Date
Trade and manufacturing

E-commerce talks on the WTO chopping block

By
Author
 
First name
Alexander
 
Bobroske
Body

As WTO negotiators return after the summer hiatus, minds are inevitably starting to focus on the agenda for the 12th Ministerial Conference (MC12). For e-commerce negotiators, the WTO’s most important conference will be seen as an opportunity to agree upon the remaining low-hanging fruit and create momentum to work out the more challenging chapters. But will e-commerce negotiations make it onto the high-level agenda, and is a breakthrough possible even if they do?

These plurilateral e-commerce deliberations, also known as the Joint Statement Initiative (JSI), face a deep divide between the global North and South as well as significant fractures within those groups. The four most contentious issues dividing the 86 WTO participants are rules around data flows, data localisation, source code, and upholding the WTO moratorium on electronic transmissions customs duties. 

While developed countries generally want a more ambitious and liberalising agreement, developing economies seek policy flexibility in areas such as data localisation. They also differ in their approach to negotiations. While Brazil, Costa Rica, Cote d’Ivoire, and Nigeria have put forward draft texts reflecting the preferences of some developing countries, India and South Africa have taken a much more generally opposed stance on liberalisation and are even questioning the legality of the JSI process.

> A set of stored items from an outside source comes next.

Lemma aut_inverse f : is_aut f ->
  exists fi, [/\ is_aut fi, cancel f fi & cancel fi f].
Proof.
move=> hf; have [[fi fK fiK] _] := hf.
by exists fi; split=> //; exact: aut_cancel fK fiK.
Qed.

Lemma aut_splice f1 f2 u : is_aut f1 -> is_aut f2 -> f1 u = f2 u ->
  is_aut (fun z => if z <= u then f1 z else f2 z).
Proof.
move=> h1 h2 e; apply: is_aut_of_lt => [x y xy|y].
  case: ifP => xu; case: ifP => yu; rewrite ?aut_lt //.
  - rewrite -(aut_le h1) e in xu; apply: le_lt_trans xu _.
    by rewrite aut_lt // ltNge yu.
  - by move: (le_trans (ltW xy) yu); rewrite xu.
have [g1 [_ _ g1K]] := aut_inverse h1; have [g2 [_ _ g2K]] := aut_inverse h2.
case: (leP y (f1 u)) => yu.
  by exists (g1 y); rewrite -(aut_le h1) g1K yu.
exists (g2 y); have -> : (g2 y <= u) = false by rewrite -(aut_le h2) g2K -e leNgt yu.
by rewrite g2K.
Qed.

Definition disjoint_segments (I : Type) (P : set I) (lo hi : I -> X) :=
  forall i j z, P i -> P j -> lo i <= z <= hi i -> lo j <= z <= hi j -> i = j.

Section Piecewise.
Variables (I : Type) (P : set I) (lo hi : I -> X) (phi : I -> X -> X).
Hypothesis disjP : disjoint_segments P lo hi.
Hypothesis phiP : forall i, P i ->
  [/\ is_aut (phi i), phi i (lo i) = lo i & phi i (hi i) = hi i].

Definition in_segments z := exists i, P i /\ lo i <= z <= hi i.

Definition piecewise z : X :=
  if pselect (in_segments z) is left ex then phi (projT1 (cid ex)) z else z.

Lemma piecewise_in i z : P i -> lo i <= z <= hi i -> piecewise z = phi i z.
Proof.
move=> Pi zi; rewrite /piecewise; case: pselect => [ex|]; last by case; exists i.
by case: (cid ex) => j [Pj zj] /=; rewrite (disjP Pj Pi zj zi).
Qed.
Lemma B21_sum_solutions (x y z : R) : B_set 2 1 x -> B_set 2 1 y -> B_set 2 1 z ->
  x <= y -> x + y = z ->
  (x = 2 - sqrt 3 /\ y = (sqrt 3 - 1) / 2 /\ z = (3 - sqrt 3) / 2) \/
  (x = (sqrt 3 - 1) / 2 /\ y = (sqrt 3 - 1) / 2 /\ z = sqrt 3 - 1) \/
  (x = (2 - sqrt 2) / 2 /\ y = (2 - sqrt 2) / 2 /\ z = 2 - sqrt 2) \/
  (x = (2 - sqrt 2) / 2 /\ y = sqrt 2 - 1 /\ z = sqrt 2 / 2).
Proof.
  intros Hx Hy Hz Hxy Hsum.
  destruct (B21_split x Hx) as [s [Hs Hxs]], (B21_split y Hy) as [t [Ht Hyt]],
    (B21_split z Hz) as [u [Hu Hzu]].
  (* the interval bounds leave only the first digits (2,2,1), (3,2,1) and (3,3,1) *)
  destruct Hxs as [[-> Hxb] | [[-> Hxb] | [-> Hxb]]];
  destruct Hyt as [[-> Hyb] | [[-> Hyb] | [-> Hyb]]];
  destruct Hzu as [[-> Hzb] | [[-> Hzb] | [-> Hzb]]];
  try (exfalso; clear - Hxy Hsum Hxb Hyb Hzb; lra).
  - right; left. now destruct (sum_first_digits_2_2 s t u Hs Ht Hu Hsum) as [-> [-> ->]].
  - destruct (sum_first_digits_3_2 s t u Hs Ht Hu Hsum) as [Hsol | Hsol];
      [left | right; right; right]; exact Hsol.
  - right; right; left. exact (sum_first_digits_3_3 s t u Hs Ht Hu Hsum).
Qed.

Lemma alpha_beta_F2 : F2 alpha /\ F2 beta.
Proof.
  assert (Hbeta : irrational beta).
  { unfold beta. replace (sqrt 3 - 1) with (IZR (-1) + sqrt 3) by (simpl; ring).
    apply irrational_IZR_add, (sqrt_prime_irrational 3), prime_3. }
  assert (Halpha : irrational alpha).
  { rewrite alpha_fix. apply irrational_inv, (irrational_IZR_add 2), Hbeta. }
  pose proof alpha_beta_bounds.
  assert (Hinv : forall t, t = alpha \/ t = beta -> B_set 2 0 t).
  { apply B_set_0_of_invariant. intros t [-> | ->].
    - split; [exact Halpha | split; [lra|]].
      exists 2%Z, beta. split; [simpl; lia|]. split; [now right | exact alpha_fix].
    - split; [exact Hbeta | split; [lra|]].
      exists 1%Z, alpha. split; [simpl; lia|]. split; [now left | exact beta_fix]. }
  split; apply Hinv; auto.
Qed.
(* Let $f\in\mathrm{AC}^1$. If $n_j$ is an odd sequence then \[ \lim_{j\to\infty} n_j\,\big\|B_{n_j}(f)-f-O(f)/D_{n_j}\big\|_\infty=0, \] and if $n_j$ is an even sequence then \[ \lim_{j\to\infty} n_j\,\big\|B_{n_j}(f)-f-E(f)/D_{n_j}\big\|_\infty=0. \]
   Context: Nodes: $x_{k,n}:=2k/n-1$, $k=0,\dots,n$. $B_n(f,x):=N_n(f,x)/D_n(x)$ for $x$ not a node, $B_n(f,x_{k,n}):=f(x_{k,n})$, where $N_n(f,x)=\sum_{k=0}^n(-1)^k\frac{f(x_{k,n})}{x-x_{k,n}}$ and $D_n(x)=\sum_{k=0}^n(-1)^k\frac{1}{x-x_{k,n}}$. $\mathrm{AC}^1$: functions $f:[-1,1]\to\mathbb{R}$ differentiable at every point of $[-1,1]$ (one-sided at $\pm1$) with $f'$ absolutely continuous. A sequence $n_j$ is a strictly increasing map $\mathbb{N}\to\mathbb{N}$; odd/even if all $n_j$ are odd/even. For $x\in(-1,1)$, $O(f,x):=\frac{f(x)-f(1)}{2(x-1)}-\frac{f(x)-f(-1)}{2(x+1)}$ and $E(f,x):=\frac{f(1)-f(x)}{2(x-1)}+\frac{f(-1)-f(x)}{2(x+1)}$. The sup norm is taken over the points $x\in(-1,1)$ that are not nodes $x_{k,n_j}$ (at the nodes the expressions extend continuously by $0$). *)

From Stdlib Require Import Reals Lra Lia.
Open Scope R_scope.

Fixpoint rsum (F : nat -> R) (m : nat) : R :=
  match m with
  | O => 0
  | S p => rsum F p + F p
  end.

Definition node (n k : nat) : R := 2 * INR k / INR n - 1.

Definition Nn (n : nat) (f : R -> R) (x : R) : R :=
  rsum (fun k => (-1) ^ k * f (node n k) / (x - node n k)) (S n).

Definition Dn (n : nat) (x : R) : R :=
  rsum (fun k => (-1) ^ k / (x - node n k)) (S n).

Fixpoint node_index (n : nat) (x : R) (m : nat) : option nat :=
  match m with
  | O => None
  | S p =>
      match node_index n x p with
      | Some k => Some k
      | None => if Req_EM_T x (node n p) then Some p else None
      end
  end.

Definition is_node (n : nat) (x : R) : Prop :=
  exists k, (k <= n)%nat /\ x = node n k.

Definition Bn (n : nat) (f : R -> R) (x : R) : R :=
  match node_index n x (S n) with
  | Some k => f (node n k)
  | None => Nn n f x / Dn n x
  end.

Definition Ofun (f : R -> R) (x : R) : R :=
  (f x - f 1) / (2 * (x - 1)) - (f x - f (-1)) / (2 * (x + 1)).
Definition Efun (f : R -> R) (x : R) : R :=
  (f 1 - f x) / (2 * (x - 1)) + (f (-1) - f x) / (2 * (x + 1)).

(* l is the derivative of f at x relative to [a,b] (one-sided at endpoints) *)
Definition deriv_within (f : R -> R) (a b x l : R) : Prop :=
  forall eps, 0 < eps -> exists delta, 0 < delta /\
    forall y, a <= y <= b -> y <> x -> Rabs (y - x) < delta ->
      Rabs ((f y - f x) / (y - x) - l) < eps.

Definition abs_cont_on (g : R -> R) (a b : R) : Prop :=
  forall eps, 0 < eps -> exists delta, 0 < delta /\
    forall (m : nat) (u v : nat -> R),
      (forall k, (k < m)%nat -> a <= u k /\ u k <= v k /\ v k <= b) ->
      (forall i j, (i < m)%nat -> (j < m)%nat -> i <> j ->
         v i <= u j \/ v j <= u i) ->
      rsum (fun k => v k - u k) m < delta ->
      rsum (fun k => Rabs (g (v k) - g (u k))) m < eps.

Definition AC1 (f : R -> R) : Prop :=
  exists f' : R -> R,
    (forall x, -1 <= x <= 1 -> deriv_within f (-1) 1 x (f' x)) /\
    abs_cont_on f' (-1) 1.

Definition strict_incr (s : nat -> nat) : Prop :=
  forall i j, (i < j)%nat -> (s i < s j)%nat.

Definition scaled_sup_to_zero (s : nat -> nat) (f G : R -> R) : Prop :=
  forall eps, 0 < eps -> exists J, forall j, (J <= j)%nat ->
    forall x, -1 < x < 1 -> ~ is_node (s j) x ->
      INR (s j) * Rabs (Bn (s j) f x - f x - G x / Dn (s j) x) <= eps.

From Stdlib Require Import Reals Lra Lia Psatz Classical.
Open Scope R_scope.

(* Write g_k = (f(x_k) - f(x)) / (x_k - x) and let T be the alternating sum of the
   g_k with halved end terms.  Then B_n(f) - f - G / D_n = - T / D_n, with G = O(f)
   for odd n and G = E(f) for even n, and |D_n| >= 2n/3 off the nodes.  Summation by
   parts and the mean value theorem, applied to T computed with the nodes moved
   towards x by a factor u in [0, 1], turn T into -1/2 times an alternating sum of
   increments of f' along an arithmetic progression in [-1, 1] with step at most 2/n.
   Such sums tend to 0 with the step for every absolutely continuous f' (a
   Riemann-Lebesgue lemma): they are O(step) for piecewise linear functions, and f'
   is approximated in variation by its piecewise linear interpolants on uniform grids,
   whose slopes converge in L^1 because their Huber energy is bounded and increases
   under refinement by the Bregman divergences of the slopes. *)

Lemma rsum_ext F G m : (forall k, (k < m)%nat -> F k = G k) -> rsum F m = rsum G m.
Proof.
  induction m as [|m IH]; intros H; simpl; auto.
  rewrite IH by (intros; apply H; lia).
  rewrite H by lia; reflexivity.
Qed.

Lemma rsum_plus F G m : rsum (fun k => F k + G k) m = rsum F m + rsum G m.
Proof. induction m; simpl; lra. Qed.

Progress to date has been sluggish but not stalled. Three years into talks, ‘clean texts’ have been achieved in six relatively uncontroversial areas, such as online consumer protection and open government data as well as restricting spam and recognising e-signatures. Negotiators now face the challenging task of harnessing momentum to turn to more difficult chapters. However, no major economies seem to be in a rush on e-commerce negotiations. High-level discussions on fisheries subsides, agriculture, an intellectual property waiver for covid-related goods, and broader WTO reform could all overshadow JSI work. Without additional pressure from national capitals, negotiators themselves will largely be responsible for reaching consensus on the low-hanging fruit. Without new clean texts, the JSI talks could stall entirely. The two key questions will be what happens on the moratorium on tariffs on electronic transmissions, and whether stalled progress sees negotiators break away from the original group. The long-standing moratorium on customs duties on electronic transmissions needs to be extended at MC12. If India, South Africa, and Indonesia block the renewal of the moratorium, e-commerce will likely be thrust back up the agenda – albeit in crisis management mode. If they hold the line on refusing renewal, exporters and importers potentially face a range of new attempts to tax cross-border electronic transmission of digital content.  

If the moratorium issue is managed quietly, there will still be the question of whether progress can be made. The US-EU Trade and Technology Council (TTC) provides a potential platform for bridging some serious gaps in transatlantic approaches to areas such as digital privacy, which may allow the US and EU to come to JSI negotiations with a clearer common position and enhanced leverage. If they can ultimately include China in a common position down the road, which may require serious compromises, they will have a strong hand for isolating India and South Africa. But the recent AUKUS deal and general US-China tensions will make this hard, especially on top of Beijing’s preference for a relatively low ambition agreement.

This will leave the question of whether some negotiators are ultimately tempted to walk away from stalled discussions to pursue an agreement with willing partners. This could also open the door to a two-track solution where all JSI participants agree to a narrow settlement, while a second closed group strikes a supplemental deal. 

Both of these challenges are relevant for businesses. The moratorium on tariffs on electronic transmissions has done important work for two decades in blocking any instincts to tax digital content traded this way. While many WTO members would maintain it unilaterally or as part of bilateral commitments, some would not. The wider e-commerce consultation remains chiefly focused on locking in best practice and common approaches in some important areas. While this is unlikely to change much on the ground, it is an insurance policy that defines the minimum treatment businesses can expect and demand in export markets. In whatever format, negotiations probably have months if not years to run. But MC12 may be the point at which we get a new sense of the scope of the insurance policy – and who is likely to sign up to it. 

The views expressed in this research can be attributed to the named author(s) only.